5000/5000 [100%] ██████████████████████████████ Elapsed: 43s | Loss: 44.499


In [20]:
inferred_qpi_T

[array([0.2658316 , 0.440889  , 0.29327947], dtype=float32),
 array([0.5744874 , 0.08134261, 0.34417003], dtype=float32),
 array([0.2542029 , 0.46512648, 0.2806706 ], dtype=float32)]

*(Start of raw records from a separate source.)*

Lemma connected_component_segment {C : set V} {x0 z d : V} {s : R} :
  0 <= s -> connected_component C x0 z ->
  (forall t, 0 <= t <= s -> C (z + t *: d)) -> connected_component C x0 (z + s *: d).
Proof.
move=> s_ge0 Kz segC; pose seg := (fun t : R => z + t *: d) @` `[0, s].
have seg_connected : connected seg.
  apply: connected_continuous_connected; first exact: segment_connected.
  apply: continuous_subspaceT => t.
  by apply: cvgD (cvg_cst z) _; exact: scalel_continuous.
have seg_z : seg z.
  by exists 0; [rewrite /= in_itv /= lexx | rewrite scale0r addr0].
have seg_sub : seg `<=` C.
  by move=> y [t /=]; rewrite in_itv /= => t_in <-; exact: segC.
rewrite (same_connected_component Kz).
apply: (connected_component_max seg_z seg_sub seg_connected).
by exists s; rewrite //= in_itv /= s_ge0 lexx.
Qed.

Lemma is_derive_chord_lt {f : V -> R} {x v : V} {df : R} (c : R) :
  is_derive x v f df -> df < c ->
  exists2 e : R, 0 < e & forall s : R, 0 < s < e -> f (x + s *: v) < f x + s * c.
Proof.
case=> f_derivable <- Dfc; have /cvgr_lt/(_ c Dfc) := f_derivable.
move=> /nbhs_ballP [e /= e_gt0 quot_lt]; exists e => // s /andP[s_gt0 s_lt].
have := quot_lt s; rewrite /ball /= sub0r normrN gtr0_norm // => /(_ s_lt).
rewrite gt_eqF // => /(_ isT).
by rewrite [_ *: _]mulrC ltr_pdivrMr // (addrC x) mulrC; lra.
Qed.

Lemma is_derive_coord {k l : nat} {f : V -> 'M[R]_(k, l)} {x v : V} i j :
  derivable f x v -> is_derive x v (fun y => f y i j) ('D_v f x i j).
Proof.
move=> df; have /(continuous_cvg _ (@coord_continuous _ _ _ i j _)) := df.
set g := _ \o _ => g_cvg.
have gE : g = fun t : R => t^-1 *: ((fun y => f y i j) (t *: v + x) - f x i j).
  by apply/funext => t; rewrite /g /= !mxE.
by rewrite gE in g_cvg; apply: DeriveDef; [exact: cvgP g_cvg | exact: cvg_lim].
Qed.

End NormedModule.

Lemma compact_coercive_sublevel {R : realType} {n : nat} {K : set 'rV[R]_n}
    {F : 'rV[R]_n -> R} (x0 : 'rV[R]_n) {c : R} (M : R) :
  closed K -> continuous F -> 0 < c -> (forall y, c * `|y - x0| <= F y) ->
  compact (K `&` [set y | F y <= M]).
Proof.
move=> K_closed F_cont c_gt0 F_ge; apply: bounded_closed_compact.
  apply: (@bounded_set_normr_le _ _ _ (`|x0| + M / c)) => y [_ /= Fy].
  have dist_le : `|y - x0| <= M / c.
    by rewrite ler_pdivlMr // mulrC (le_trans (F_ge y)).
  by have := ler_normD (y - x0) x0; rewrite subrK; lra.
by apply: closedI => //; exact: closed_sublevel.
Qed.

Section SquaredNorm.
Context {R : realType}.

Definition sqnorm2 {k : nat} (v : 'rV[R]_k) : R := \sum_(i < k) v ord0 i ^+ 2.

Lemma norm2E {k : nat} (v : 'rV[R]_k) : norm2 v = Num.sqrt (sqnorm2 v).
Proof. by []. Qed.
(* Let $G\in\mathrm{C}^1(\mathbb{R})$ be coercive, $V\in\mathrm{Lip}(\mathbb{R})$ $1$-periodic, $\theta\in\mathbb{R}$, and let $\overline{H}$, $f_\theta$, $I_\theta$, $B_\theta$, $b(\theta)$ be as in the context (with $I_\theta(1)\neq0$). (a) If $I_\theta(1)>0$, then for all sufficiently small $h>0$ there is $\theta^*\in(\theta,\theta+hb(\theta))$ with $\overline{H}(\theta^* )=\overline{H}(\theta)+h/2>\overline{H}(\theta)$. (b) If $I_\theta(1)<0$, then for all sufficiently small $h>0$ there is $\theta^*\in(\theta-hb(\theta),\theta)$ with $\overline{H}(\theta^* )=\overline{H}(\theta)+h/2>\overline{H}(\theta)$.
   Context: $G$ coercive means $G(p)\to\infty$ as $p\to\pm\infty$. For each $\theta\in\mathbb{R}$, $\overline{H}(\theta)\in\mathbb{R}$ and the $1$-periodic $f_\theta\in\mathrm{C}^1(\mathbb{R})$ are the unique number and function with $\int_0^1 f_\theta=\theta$ and $f_\theta'(x)+G(f_\theta(x))+V(x)=\overline{H}(\theta)$ for all $x$. Set $I_\theta(x)=\int_0^x G'(f_\theta(y))\,dy$ and $B_\theta(x)=\int_0^x e^{I_\theta(y)}dy$. When $I_\theta(1)\ne0$, let $g_\theta(x)=s\big(B_\theta(x)+\frac{B_\theta(1)}{e^{I_\theta(1)}-1}\big)e^{-I_\theta(x)}$ where $s=1$ if $I_\theta(1)>0$ and $s=-1$ if $I_\theta(1)<0$; this is the $1$-periodic positive $\mathrm{C}^1$ solution of $g'+G'(f_\theta)g=s$. Define $b(\theta)=\int_0^1 g_\theta(x)\,dx>0$. *)

From Stdlib Require Import Reals.
From Coquelicot Require Import Coquelicot.
Open Scope R_scope.

Definition is_C1 (f : R -> R) : Prop :=
  (forall x, ex_derive f x) /\ (forall x, continuous (Derive f) x).

Definition coercive (G : R -> R) : Prop :=
  filterlim G (Rbar_locally p_infty) (Rbar_locally p_infty) /\
  filterlim G (Rbar_locally m_infty) (Rbar_locally p_infty).

Definition lipschitz (V : R -> R) : Prop :=
  exists L, forall x y, Rabs (V x - V y) <= L * Rabs (x - y).

Definition periodic1 (f : R -> R) : Prop := forall x, f (x + 1) = f x.

Definition cell_solution (G V : R -> R) (Hbar : R -> R) (f : R -> R -> R) (th : R) : Prop :=
  periodic1 (f th) /\ is_C1 (f th) /\ RInt (f th) 0 1 = th /\
  forall x, Derive (f th) x + G (f th x) + V x = Hbar th.

Definition Ith (G : R -> R) (f : R -> R -> R) (th x : R) : R :=
  RInt (fun y => Derive G (f th y)) 0 x.

Definition Bth (G : R -> R) (f : R -> R -> R) (th x : R) : R :=
  RInt (fun y => exp (Ith G f th y)) 0 x.

Definition sgn_th (G : R -> R) (f : R -> R -> R) (th : R) : R :=
  if Rlt_dec 0 (Ith G f th 1) then 1 else -1.

Definition gth (G : R -> R) (f : R -> R -> R) (th x : R) : R :=
  sgn_th G f th *
  (Bth G f th x + Bth G f th 1 / (exp (Ith G f th 1) - 1)) *
  exp (- Ith G f th x).

Definition bth (G : R -> R) (f : R -> R -> R) (th : R) : R :=
  RInt (gth G f th) 0 1.

(* Let s be the sign of I_θ(1).  Since g_θ' + G'(f_θ) g_θ = s, the periodic function
   u = f_θ + s h g_θ has mean θ + s h b(θ), and a first-order expansion of G, uniform on
   a period, gives u' + G(u) + V > H̄(θ) + h/2 for small h > 0.  A comparison principle
   turns this into H̄(θ + s h b(θ)) > H̄(θ) + h/2: the periodic zero-mean function u - f_ψ
   (ψ the mean of u) vanishes at some point where it is nonincreasing, and there the cell
   equation for f_ψ gives u' + G(u) + V <= H̄(ψ).  The same principle applied to the
   translates f_ψ + c shows that H̄ is continuous, and the intermediate value theorem
   then produces θ*. *)

From Stdlib Require Import Reals Lra Classical.
From Coquelicot Require Import Coquelicot.
Open Scope R_scope.

Lemma ex_RInt_of_continuous (u : R -> R) (a b : R) :
  (forall x, continuous u x) -> ex_RInt u a b.
Proof. intro Hc. apply (ex_RInt_continuous (V := R_CompleteNormedModule)). intros; apply Hc. Qed.

Lemma ex_RInt_of_ex_derive (u : R -> R) (a b : R) :
  (forall x, ex_derive u x) -> ex_RInt u a b.
Proof. intro Hu. apply ex_RInt_of_continuous. intro x. apply (ex_derive_continuous u), Hu. Qed.

Lemma continuous_pos_near (d : R -> R) (z : R) :
  continuous d z -> 0 < d z ->
  exists eta, 0 < eta /\ forall t, Rabs (t - z) < eta -> 0 < d t.
Proof.
  intros Hc Hz.
  destruct (Hc _ (open_gt 0 (d z) Hz)) as [eta Heta].
  exists eta; split; [apply cond_pos|]. intros t Ht. apply Heta. exact Ht.
Qed.

Lemma IVT_strict (F : R -> R) (a b y : R) :
  (forall x, continuous F x) -> a < b -> (F a < y < F b \/ F b < y < F a) ->
  exists x, a < x < b /\ F x = y.
Proof.
  intros Hc Hab Hy.
  assert (Hc' : continuity F) by (intro x; apply continuity_pt_filterlim, Hc).
  destruct (IVT_gen F a b y Hc') as [x [Hx HFx]].
  { destruct Hy; [rewrite Rmin_left, Rmax_right | rewrite Rmin_right, Rmax_left]; lra. }
  rewrite Rmin_left, Rmax_right in Hx by lra.
  exists x; split; [|exact HFx].
  split; apply Rnot_le_lt; intro; [replace x with a in HFx | replace x with b in HFx]; lra.
Qed.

## 3. Other tutorials/ideas we might consider

- Implementation of HMM but not suited for inference: https://gist.github.com/fredcallaway/c7252b6326dfb502e70cad4146731aef
- Implementation of HMM by creating a custom RV class: might work but needs a lot of work, the code doesn't run as is: https://discourse.edwardlib.org/t/hmm-implementation-with-marginalized-latent-states/755
- Using a list of categoricals and then using tf.gather to select from this list: Doesn't work, because tf.gather makes us loose the type so we no longer have Categorical variables => can't run inference (we can still sample though)
- Using the OneHotCategorical RV instead of a Categorical RV and then taking tf.one_hot of it didn't seem to change much.